Date: 2009-02-06 11:01 am (UTC)
fauxklore: (Default)
From: [personal profile] fauxklore
Ah, the hints actually helped. I figured you had a Fred Small song, but hadn't gotten to ones with names in the title in my mental scrolling process.

So:

"McDonald's and K-mart. Do you know how hard it is to find kids' shoes?" from "Scott and Jamie"

Butt

Date: 2009-02-06 11:10 am (UTC)
From: [identity profile] alaricmacconnal.livejournal.com
dredging my brain
Peter & Lou Berryman

weary?

Date: 2009-02-06 12:28 pm (UTC)
goljerp: Photo of the moon Callisto (Default)
From: [personal profile] goljerp
Is it too late to do two more stabs at weary?

* I have a strong feeling that "weary" is somewhere in "homeward bound", but I am not sure about the lyrics without cheating.

* I know "weary" is in Poe's the Raven, and someone must've set it to music, right?
"Once upon a midnight dreary, while I pondered weak and weary"

Nabisco

Date: 2009-02-06 08:40 pm (UTC)
From: [identity profile] alaricmacconnal.livejournal.com
Ok, this is going back to the 1970's and I don't know if it counts:

"A Triscuit, A Triscuit, made only by Nabisco"

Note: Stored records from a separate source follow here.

(* Let M be the set of points of R that phi sends neither to themselves nor to
   their inverses.  The group generated by phi and inversion acts on R, every
   inverse-closed phi-invariant subset is a union of its orbits, and every orbit O
   satisfies 4 + |O :&: M| <= 2 (|O| + |O :&: I(R)|).  Summing over the orbits bounds
   the number of such subsets by 2^(c(R) - |M|/4), which is (1) once 24 |M| >= |R|.
   Otherwise let F = C_R(phi).  A multiplicative map inverting more than three
   quarters of a group inverts all of it, and the group is then abelian.  Applied to
   conjugations of F, this shows that a coset F t outside F is either inverted
   pointwise by phi or meets M in at least |F|/4 points, so fewer than |R|/6 elements
   lie in cosets of the second kind.  If F has an element f of order greater than 2,
   the product of two elements of inverted cosets is not in an inverted coset
   (conjugation by it fixes f instead of inverting it); counting then forces
   |R : F| = 2, which yields (2).  If F has exponent at most 2, phi inverts more than
   three quarters of R, which yields (3). *)

Lemma card_partitionI (T : finType) (P : {set {set T}}) (D X : {set T}) :
  partition P D -> #|D :&: X| = (\sum_(A in P) #|A :&: X|)%N.
Proof.
move=> partP; rewrite -sum1_card (eq_bigl [pred x in D | x \in X]) => [|x].
  rewrite (set_partition_big_cond _ partP); apply: eq_bigr => A _.
  by rewrite -sum1_card; apply: eq_bigl => x; rewrite inE.
by rewrite !inE.
Qed.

I don't know a title or an author, but it came from a TV commercial.

Lifeline

Date: 2009-02-08 02:42 am (UTC)
From: [identity profile] hlinspjalda.livejournal.com
I finally nailed down the song fragment in my head. It's Michael Franks, from the "Tiger in the Rain" album. The cut is called "Lifeline," and the lyrics I was remembering are

You are my lifeline
Now I'm [something] in the [something] of our love.

And I'm sure this isn't the one you had in mind!

(no subject)

Date: 2009-02-10 01:06 pm (UTC)
From: [identity profile] lensedqso.livejournal.com
I'll play:

"Sarge, I'm only eighteen, I got a ruptured spleen, and I always carry a purse
I got eyes like a bat, my feet are flat, and my asthma's getting worse"

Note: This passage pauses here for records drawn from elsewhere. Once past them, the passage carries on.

Section Norms.
Variables (R : realType) (n : nat).
Implicit Types y z : 'rV[R]_n.

Definition l1norm y : R := \sum_i `|y ord0 i|.

Lemma l1norm_ge0 y : 0 <= l1norm y.
Proof. by apply: sumr_ge0 => i _. Qed.

Lemma coord_le_l1norm y i : `|y ord0 i| <= l1norm y.
Proof. by rewrite /l1norm (bigD1 i) //= lerDl; apply: sumr_ge0 => j _. Qed.

Lemma dotv_ge0 y : 0 <= dotv y y.
Proof. by apply: sumr_ge0 => i _; rewrite -expr2 sqr_ge0. Qed.

Lemma coord_le_enorm y i : `|y ord0 i| <= enorm y.
Proof.
rewrite /enorm -sqrtr_sqr ler_sqrt; last exact: dotv_ge0.
rewrite /dotv (bigD1 i) //= expr2 lerDl.
by apply: sumr_ge0 => j _; rewrite -expr2 sqr_ge0.
Qed.

Lemma enorm_le_l1norm y : enorm y <= l1norm y.
Proof.
rewrite /enorm -(ger0_norm (l1norm_ge0 y)) -sqrtr_sqr ler_sqrt; last exact: sqr_ge0.
rewrite expr2 {2}/l1norm mulr_sumr /dotv; apply: ler_sum => i _.
rewrite -[y ord0 i * y ord0 i]ger0_norm -?expr2 ?sqr_ge0 // normrX expr2.
by apply: ler_wpM2r => //; exact: coord_le_l1norm.
Qed.

Lemma coord_le_mxnorm y j : `|y ord0 j| <= `|y|.
Proof.
rewrite [`|y|]mx_normrE.
exact: (le_bigmax _ (fun ij : 'I_1 * 'I_n => `|y ij.1 ij.2|) (ord0, j)).
Qed.

Lemma l1norm_le_mxnorm y : l1norm y <= n%:R * `|y|.
Proof.
have -> : n%:R * `|y| = \sum_(j < n) `|y| by rewrite sumr_const card_ord mulr_natl.
by apply: ler_sum => j _; exact: coord_le_mxnorm.
Qed.

Lemma eq_row_of_sum_dist_le0 y z : \sum_i `|y ord0 i - z ord0 i| <= 0 -> y = z.
Proof.
move=> yz; apply/rowP => j; apply/eqP; rewrite -subr_eq0 -normr_le0.
by apply: le_trans yz; rewrite (bigD1 j) //= lerDl; apply: sumr_ge0.
Qed.

Lemma enorm_scale_delta (i0 : 'I_n) (a : R) : enorm (a *: 'e_i0) = `|a|.
Proof.
rewrite /enorm /dotv (bigD1 i0) //= big1 ?addr0; last first.
  by move=> j /negbTE ji; rewrite !mxE /= ji mulr0 mul0r.
by rewrite !mxE /= eqxx mulr1 -expr2 sqrtr_sqr.
Qed.

End Norms.

Section LipschitzCoord.
Variables (R : realType) (n : nat) (b : 'rV[R]_n -> 'rV[R]_n) (L : R).
Hypothesis hL : forall x y, enorm (b x - b y) <= L * enorm (x - y).

Lemma lipschitz_coord_l1 y z i :
  `|b y ord0 i - b z ord0 i| <= `|L| * l1norm (y - z).
Proof.
have -> : b y ord0 i - b z ord0 i = (b y - b z) ord0 i by rewrite !mxE.
apply: (le_trans (coord_le_enorm _ _)); apply: (le_trans (hL _ _)).
apply: (le_trans (ler_norm _)); rewrite normrM.
apply: ler_wpM2l => //; rewrite ger0_norm; last exact: sqrtr_ge0.
exact: enorm_le_l1norm.
Qed.

Lemma continuous_lipschitz_coord i : continuous (fun y => b y ord0 i).
Proof.
move=> y; apply/(@cvgrPdist_lt _ _ _ (nbhs y) (nbhs_filter y)) => e e0.
have hK : 0 < (`|L| + 1) * (n%:R + 1) by apply: mulr_gt0; rewrite ltr_wpDl.
near=> z.
apply: (le_lt_trans (lipschitz_coord_l1 y z i)).
apply: (le_lt_trans (ler_wpM2l (normr_ge0 L) (l1norm_le_mxnorm (y - z)))).
have hz : `|y - z| < e / ((`|L| + 1) * (n%:R + 1)).
  near: z; apply: (@cvgr_dist_lt _ _ _ (nbhs y) (nbhs_filter y) id y) => //.
  by rewrite divr_gt0.
rewrite ltr_pdivlMr // in hz; apply: le_lt_trans hz.
rewrite mulrA mulrC mulrA -mulrA; apply: ler_wpM2l => //.
by apply: ler_pM => //; rewrite lerDl.
Unshelve. all: by end_near.
Qed.

End LipschitzCoord.

Section IntervalIntegrals.
Variable R : realType.
Notation mu := (@lebesgue_measure R).

Lemma lebesgue_itv_cc_lty (a b : R) : (mu `[a, b] < +oo)%E.
Proof. by rewrite lebesgue_measure_itv /=; case: ifP => _; rewrite ?ltry // -EFinD ltry. Qed.

Lemma integrable_cst_itv_cc (a b C : R) : mu.-integrable `[a, b] (EFin \o cst C).
Proof.
apply: measurable_bounded_integrable => //; first exact: lebesgue_itv_cc_lty.
exact: bounded_cst.
Qed.

Lemma integrable_itv_sub01 (f : R -> R) t : 0 <= t <= 1 ->
  mu.-integrable `[0, 1] (EFin \o f) -> mu.-integrable `[0, t] (EFin \o f).
Proof.
move=> /andP[_ t1] hf; apply: integrableS hf => //.
by apply: subset_itvl; rewrite bnd_simp.
Qed.

Lemma integrable_subr (D : set R) (f g : R -> R) : measurable D ->
  mu.-integrable D (EFin \o f) -> mu.-integrable D (EFin \o g) ->
  mu.-integrable D (EFin \o (fun s => f s - g s)).
Proof.
move=> mD hf hg.
have -> : EFin \o (fun s => f s - g s) = ((EFin \o f) \- (EFin \o g))%E.
  by apply/funext => s /=; rewrite EFinB.
exact: integrableB.
Qed.

Lemma Rintegral_cst_itv_cc (a b C : R) : a <= b ->
  Rintegral mu `[a, b] (fun _ => C) = C * (b - a).
Proof.
move=> ab; rewrite Rintegral_cst //= lebesgue_measure_itv /= lte_fin.
case: ltP => //= ba.
have -> : b = a by apply/eqP; rewrite eq_le ab ba.
by rewrite subrr.
Qed.

Lemma Rintegral_itv_cc_split_co (f : R -> R) (a m t : R) : a <= m <= t ->
  mu.-integrable `[a, t] (EFin \o f) ->
  Rintegral mu `[a, t] f = Rintegral mu `[a, m[ f + Rintegral mu `[m, t] f.
Proof.
move=> /andP[am mt] hf.
rewrite (@itv_bndbnd_setU _ _ _ (BLeft m)) ?bnd_simp // Rintegral_setU //.
- by rewrite -(@itv_bndbnd_setU _ _ _ (BLeft m)) ?bnd_simp.
- apply/disj_setPS => x [] /=; rewrite !in_itv /= => /andP[_ xm] /andP[mx _].
  by move: (lt_le_trans xm mx); rewrite ltxx.
Qed.

Lemma Rintegral_itv_cc_split_oc (f : R -> R) (a m t : R) : a <= m <= t ->
  mu.-integrable `[a, t] (EFin \o f) ->
  Rintegral mu `[a, t] f = Rintegral mu `[a, m] f + Rintegral mu `]m, t] f.
Proof.
move=> /andP[am mt] hf.
rewrite (@itv_bndbnd_setU _ _ _ (BRight m)) ?bnd_simp // Rintegral_setU //.
- by rewrite -(@itv_bndbnd_setU _ _ _ (BRight m)) ?bnd_simp.
- apply/disj_setPS => x [] /=; rewrite !in_itv /= => /andP[_ xm] /andP[mx _].
  by move: (lt_le_trans mx xm); rewrite ltxx.
Qed.

Lemma Rintegral_norm_itv_mono (f : R -> R) (a t b : R) : a <= t <= b ->
  mu.-integrable `[a, b] (EFin \o f) ->
  Rintegral mu `[a, t] (fun s => `|f s|) <= Rintegral mu `[a, b] (fun s => `|f s|).
Proof.
move=> atb hf.
rewrite (@Rintegral_itv_cc_split_oc (fun s => `|f s|) a t b) //; last exact: integrable_norm.
by rewrite lerDl; apply: Rintegral_ge0 => x _.
Qed.

Lemma norm_Rintegral_vanishing_before (g : R -> R) (a t C : R) : 0 <= a <= t ->
  mu.-integrable `[0, t] (EFin \o g) ->
  (forall s, 0 <= s -> s < a -> g s = 0) ->
  (forall s, a <= s <= t -> `|g s| <= C) ->
  `|Rintegral mu `[0, t] g| <= C * (t - a).
Proof.
move=> /andP[a0 at_] hg g0 gC.
have hgt : mu.-integrable `[a, t] (EFin \o (fun s => `|g s|)).
  by apply: integrable_norm; apply: integrableS hg => //; apply: subset_itvr; rewrite bnd_simp.
apply: (le_trans (le_normr_Rintegral _ _)) => //.
rewrite (@Rintegral_itv_cc_split_co (fun s => `|g s|) 0 a t) ?a0 //; last exact: integrable_norm.
have -> : Rintegral mu `[0, a[ (fun s => `|g s|) = 0.
  rewrite (@eq_Rintegral _ _ _ mu _ (fun _ => 0)); first by rewrite Rintegral_cst // mul0r.
  by move=> s; rewrite inE /= in_itv /= => /andP[s0 sa]; rewrite g0 // normr0.
rewrite add0r -Rintegral_cst_itv_cc //.
by apply: le_Rintegral => //; exact: integrable_cst_itv_cc.
Qed.

End IntervalIntegrals.

Lemma ler_of_add_halves (R : archiRealFieldType) (y c B : R) : 0 <= B ->
  (forall m : nat, y <= c + B / 2 ^+ m) -> y <= c.
Proof.
move=> B0 H; apply/ler_addgt0Pr => e e0.
have /archi_boundP := divr_ge0 B0 (ltW e0).
set m := Num.Def.archi_bound _ => hm.
apply: (le_trans (H m)); rewrite lerD2l ler_pdivrMr ?exprn_gt0 //.
rewrite ltr_pdivrMr // in hm; apply: (ltW (lt_le_trans hm _)).
rewrite mulrC ler_wpM2l ?(ltW e0) // -natrX ler_nat.
exact: ltnW (ltn_expl _ _).
Qed.

(* D models the difference of two solutions: g is the difference of the drifts,
   which the Lipschitz bound controls by D itself, and v the difference of the
   control integrals. *)
Section ShortWindow.
Variables (R : realType) (n : nat) (K V a h : R) (D g v : 'I_n -> R -> R).
Notation mu := (@lebesgue_measure R).
Hypotheses (K0 : 0 <= K) (a0 : 0 <= a) (V0 : 0 <= V) (hKh : n%:R * K * h <= 1 / 2).
Hypothesis gint : forall i, mu.-integrable `[0, 1] (EFin \o g i).
Hypothesis hD : forall i (t : R), 0 <= t <= 1 -> D i t = Rintegral mu `[0, t] (g i) + v i t.
Hypothesis hg : forall i (s : R), 0 <= s <= 1 -> `|g i s| <= K * \sum_j `|D j s|.
Hypothesis hD0 : forall (s : R) j, 0 <= s -> s < a -> D j s = 0.
Hypothesis hv : forall t, a <= t < a + h -> t <= 1 -> \sum_i `|v i t| <= V.

Lemma window_bound_init t : a <= t < a + h -> t <= 1 ->
  \sum_i `|D i t| <= \sum_i Rintegral mu `[0, 1] (fun s => `|g i s|) + V.
Proof.
move=> ht t1; have t01 : 0 <= t <= 1 by rewrite t1 (le_trans a0) //; case/andP: ht.
apply: (le_trans _ (lerD (lexx _) (hv ht t1))); rewrite -big_split /=.
apply: ler_sum => i _; rewrite hD //.
apply: (le_trans (ler_normD _ _)); apply: lerD => //.
apply: (le_trans (le_normr_Rintegral _ _)) => //; first exact: integrable_itv_sub01.
exact: Rintegral_norm_itv_mono (gint i).
Qed.

Lemma window_bound_halve (Q : R) : 0 <= Q ->
  (forall t, a <= t < a + h -> t <= 1 -> \sum_i `|D i t| <= Q) ->
  forall t, a <= t < a + h -> t <= 1 -> \sum_i `|D i t| <= Q / 2 + V.
Proof.
move=> Q0 hQ t /andP[at_ th] t1.
have t01 : 0 <= t <= 1 by rewrite t1 (le_trans a0 at_).
apply: (@le_trans _ _ (\sum_(i < n) (K * Q * (t - a) + `|v i t|))).
  apply: ler_sum => i _; rewrite hD //.
  apply: (le_trans (ler_normD _ _)); apply: lerD => //.
  apply: norm_Rintegral_vanishing_before; first by rewrite a0.
  - exact: integrable_itv_sub01.
  - move=> s s0 sa; apply/eqP; rewrite -normr_le0.
    have s01 : 0 <= s <= 1 by rewrite s0 (le_trans (ltW sa)) // (le_trans at_).
    have := hg i s01; rewrite big1 ?mulr0 //.
    by move=> j _; rewrite hD0 // normr0.
  - move=> s /andP[sa st]; apply: (le_trans (@hg i s _)).
      by rewrite (le_trans a0 sa) (le_trans st).
    apply: ler_wpM2l => //; apply: hQ; last exact: (le_trans st).
    by rewrite sa (le_lt_trans st th).
rewrite big_split /= sumr_const card_ord -[_ *+ n]mulr_natl.
have hKQ : n%:R * (K * Q * (t - a)) <= Q / 2.
  have -> : n%:R * (K * Q * (t - a)) = (n%:R * K * (t - a)) * Q by ring.
  rewrite [Q / 2]mulrC; apply: ler_wpM2r => //.
  apply: (le_trans _ (le_trans hKh _)); last by rewrite mul1r.
  apply: ler_wpM2l; first by rewrite mulr_ge0.
  by rewrite lerBlDl ltW.
by apply: lerD => //; apply: hv => //; rewrite at_ th.
Qed.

Draft Dodger Rag, Phil Ochs

I feel like I should know more of these, but I'm drawing a blank.

asthma's

Date: 2009-02-10 01:10 pm (UTC)
From: [identity profile] lensedqso.livejournal.com
oops, forgot the title. I'm so used to not including titles on comments :(

Re: asthma's

From: [identity profile] lensedqso.livejournal.com - Date: 2009-02-10 11:54 pm (UTC) - Expand

gerbil

Date: 2009-02-10 01:34 pm (UTC)
From: [identity profile] lensedqso.livejournal.com
This is a complete guess based on the hints (I've never even heard the song in question, just heard it mentioned in conversation).

Little Fuzzy Animals by Frank Hayes?